Linear Models¶

There’s a few linear models out there that we felt were generally useful. This document will highlight some of them.

Least Absolute Deviation Regression¶

Imagine that you have a dataset with some outliers.

[1]:

import numpy as np
import matplotlib.pyplot as plt

np.random.seed(0)
X = np.linspace(0, 1, 20)
y = 3*X + 1 + 0.5*np.random.randn(20)
X = X.reshape(-1, 1)

y[10] = 8
y[15] = 15

plt.figure(figsize=(16, 4))
plt.scatter(X, y)

[1]:

<matplotlib.collections.PathCollection at 0x1f94cdc8b88>

A simple linear regression will not do a good job since it is distracted by the outliers.
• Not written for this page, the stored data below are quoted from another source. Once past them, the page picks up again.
(* Consider the closed-loop system described in the context, with the gain-scheduling controller $u[k]=K[k]\tilde y[k]$, $K[k]=\alpha_1[k]K_1+\alpha_2[k]K_2$, where $K_1,K_2\in\mathbb{R}^{n_u\times n_y}$ are given, $\Delta_1:=\Delta_{\min}$, $\Delta_2:=\Delta_{\max}$, and $$\alpha_1[k]:=\frac{\Delta_2-E[k]}{\Delta_2-\Delta_1},\qquad \alpha_2[k]:=\frac{E[k]-\Delta_1}{\Delta_2-\Delta_1}.$$ Let $\sigma\in(0,1]$ and $\gamma>0$. For $\bm j=(j_1,\dots,j_{n_y})\in\mathcal{J}_{n_y}$ let $\Lambda_{\bm j}:=\mathrm{diag}(\lambda_1 j_1,\dots,\lambda_{n_y}j_{n_y})$. Suppose there exist, for $p=1,2$ and $\bm j\in\mathcal{J}_{n_y}$, positive definite matrices $P_p\in\mathbb{R}^{n_x\times n_x}$, symmetric matrices with nonnegative entries $$\begin{bmatrix} L_{p,\bm j} & N_{p,\bm j}\\ N_{p,\bm j}^{\top} & M_{p,\bm j}\end{bmatrix}\in\mathbb{R}^{2n_y\times 2n_y}\quad(L_{p,\bm j},M_{p,\bm j},N_{p,\bm j}\in\mathbb{R}^{n_y\times n_y}),$$ and symmetric matrices $Z_{p,\bm j}\in\mathbb{R}^{n_y\times n_y}$, such that for every $p,q\in\{1,2\}$ and every $\bm j\in\mathcal{J}_{n_y}$, $$\begin{bmatrix}\Gamma_{p,q,\bm j} & \Phi_{p,q,\bm j}\\ \Phi_{p,q,\bm j}^{\top} & \Xi_{q,\bm j}\end{bmatrix}\succ 0,$$ where $N^+_{q,\bm j}:=N_{q,\bm j}+N_{q,\bm j}^{\top}$, $N^-_{q,\bm j}:=N_{q,\bm j}-N_{q,\bm j}^{\top}$, $$R_{q,\bm j}:=\begin{bmatrix} L_{q,\bm j}+M_{q,\bm j}+N^+_{q,\bm j} & L_{q,\bm j}-M_{q,\bm j}-N^-_{q,\bm j}\\ (L_{q,\bm j}-M_{q,\bm j}-N^-_{q,\bm j})^{\top} & L_{q,\bm j}+M_{q,\bm j}+Z_{q,\bm j}\end{bmatrix},$$ $\Gamma_{p,q,\bm j}:=\mathrm{diag}(\sigma^2P_p,\ \gamma^2 I_{n_w},\ N^+_{q,\bm j}+Z_{q,\bm j})$, $\Xi_{q,\bm j}:=\mathrm{diag}(P_q,\ I_{n_z},\ R_{q,\bm j})$, and $$\Phi_{p,q,\bm j}:=\begin{bmatrix} A+BK_pC & BK_pD & BK_p\\ F&0&0\\ \Delta_p\Lambda_{\bm j}C & \Delta_p\Lambda_{\bm j}D & 0\\ 0&0&I_{n_y}\end{bmatrix}^{\top}\Xi_{q,\bm j}.$$ Then: (i) the closed-loop system is practically stable with an ultimate bound of the form $\eta=\rho\cdot\max_{i=1,\dots,n_y}\big((\Delta_{\max}\lambda_i+1)\bar w\|D\|_\infty+\delta_i\big)$ for some $\rho\ge 0$, i.e., for every $\bar w\ge0$, $\|w[k]\|_\infty\le\bar w$ for all $k\in\mathbb{Z}_+$ implies $\limsup_{k\to\infty}\|x[k]\|\le\eta$; (ii) the closed-loop system has decay rate $\sigma$; and (iii) its $\ell^2$-gain from $w$ to $z$ is less than or equal to $\gamma$.
   Context: Plant (discrete time, $k\in\mathbb{Z}_+$): $x[k+1]=Ax[k]+Bu[k]$, $y[k]=Cx[k]+Dw[k]$, $z[k]=Fx[k]$, with $x[k]\in\mathbb{R}^{n_x}$, $u[k]\in\mathbb{R}^{n_u}$, $y[k]=[y_1[k],\dots,y_{n_y}[k]]^\top\in\mathbb{R}^{n_y}$, noise $w[k]\in\mathbb{R}^{n_w}$, performance output $z[k]\in\mathbb{R}^{n_z}$. Event-triggered try-once-discard protocol: fix $\Delta_{\max}>\Delta_{\min}\ge0$, $\lambda_i>0$, $\delta_i\ge0$ ($i=1,\dots,n_y$). Let $l^i_k$ be the latest time $\le k$ at which $y_i$ was transmitted (with some stored initial released value). At each $k$, compute $e_i'[k]:=y_i[l^i_{k-1}]-y_i[k]$ and $E_i':=\frac{|e_i'[k]|-\delta_i}{\lambda_i|y_i[k]|}$ (convention: $\alpha/0=+\infty$ for $\alpha>0$, $\beta/0=-\infty$ for $\beta\le0$). Rule: if $\max_iE_i'<\Delta_{\min}$, nothing is transmitted; if $\max_iE_i'\ge\Delta_{\max}$, all $y_i[k]$ with $E_i'\ge\Delta_{\max}$ are transmitted; otherwise a single $y_i[k]$ achieving $E_i'=\max_iE_i'$ is transmitted (any one if ties). If $y_i[k]$ is transmitted then $l^i_k=k$, otherwise $l^i_k=l^i_{k-1}$. Define $E[k]:=\Delta_{\min}$ if $\max_iE_i'<\Delta_{\min}$, $E[k]:=\Delta_{\max}$ if $\max_iE_i'\ge\Delta_{\max}$, and $E[k]:=\max_iE_i'$ otherwise. Let $\tilde y[k]:=[y_1[l^1_k],\dots,y_{n_y}[l^{n_y}_k]]^\top$; the controller is $u[k]=K(E[k])\tilde y[k]$. Notation: $\|\cdot\|$ Euclidean norm; $\|v\|_\infty=\max_i|v_i|$ and $\|D\|_\infty$ is the induced matrix norm; $\mathcal{J}_n:=\{(j_1,\dots,j_n): j_p\in\{1,-1\}\}$; $\succ0$ means symmetric positive definite; $\ell^2$ is the space of square-summable sequences on $\mathbb{Z}_+$ with $\|v\|_{\ell^2}=(\sum_k v[k]^\top v[k])^{1/2}$. Definitions: the closed-loop system is practically stable if for every $\bar w\ge0$ there is $\eta\ge0$ with $\|w[k]\|_\infty\le\bar w\ \forall k\Rightarrow\limsup_{k\to\infty}\|x[k]\|\le\eta$. It has decay rate $\sigma$ if there is $M\ge1$ such that whenever $w[k]=0$ for all $k$ and $\delta_i=0$ for all $i$, $\|x[k]\|\le M\sigma^k\|x[0]\|$ for all $k\in\mathbb{Z}_+$. Its $\ell^2$-gain (for $w\in\ell^2$) is at most $\gamma$ if, whenever $x[0]=0$ and $\delta_i=0$ for all $i$, $z\in\ell^2$ and $\|z\|_{\ell^2}\le\gamma\|w\|_{\ell^2}$. *)

From HB Require Import structures.
From mathcomp Require Import all_boot all_order all_algebra.
From mathcomp Require Import all_classical all_reals.
From mathcomp Require Import topology normedtype sequences.
Set Implicit Arguments. Unset Strict Implicit. Unset Printing Implicit Defensive.
Import Order.TTheory GRing.Theory Num.Theory.
Import numFieldNormedType.Exports.
Local Open Scope ring_scope.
That is because it optimizes the mean squared error

\[\sum_i \left(y_i-\textrm{model}(x_i)\right)^2\]

which penalizes a few large errors more than many tiny errors. For example, if y-model(x) = 4 for some single observation, the MSE here is 16. If there are two observations with y_1 - model(x_1) = 2 and y_2 - model(x_2) = 2, the MSE is 8 in total, which is less than for one larger error. Note that the sum of the errors is the same in both cases.

Hence, linear regression does the following:

[2]:

from sklearn.linear_model import LinearRegression

x = np.array([0, 1]).reshape(-1, 1)
plt.figure(figsize=(16, 4))
plt.scatter(X, y)
plt.plot(x, LinearRegression().fit(X, y).predict(x), 'r')

[2]:

[<matplotlib.lines.Line2D at 0x1f95eb48108>]

By changing the loss function to the mean absolute deviation

\[\sum_i \left|y_i-\textrm{model}(x_i)\right|\enspace,\]

we can let the model put the same focus on each error. This yields the least absolute deviation (LAD) regression that tries to agree with the majority of the points.

[3]:

from sklearn.linear_model import LinearRegression
from skbonus.linear_model import LADRegression

x = np.array([0, 1]).reshape(-1, 1)
plt.figure(figsize=(16, 4))
plt.scatter(X, y)
plt.plot(x, LinearRegression().fit(X, y).predict(x), 'r')
plt.plot(x, LADRegression().fit(X, y).predict(x), 'g')

[3]:

[<matplotlib.lines.Line2D at 0x1f960952a08>]

See also¶

scikit-learn tackles this problem by offering a variety of robust regressors. Many of them use an indirect approach to reduce the effect of outliers. RANSAC, for example, samples random points from the dataset until it consists of all inliers. The closest thing to LADRegression that scikit-learn offers is the HuberRegressor with a loss function that is partly a squared and partly an absolute error. However, it is more complicated and requires hyperparameter tuning to unleash its full potential.

[ ]: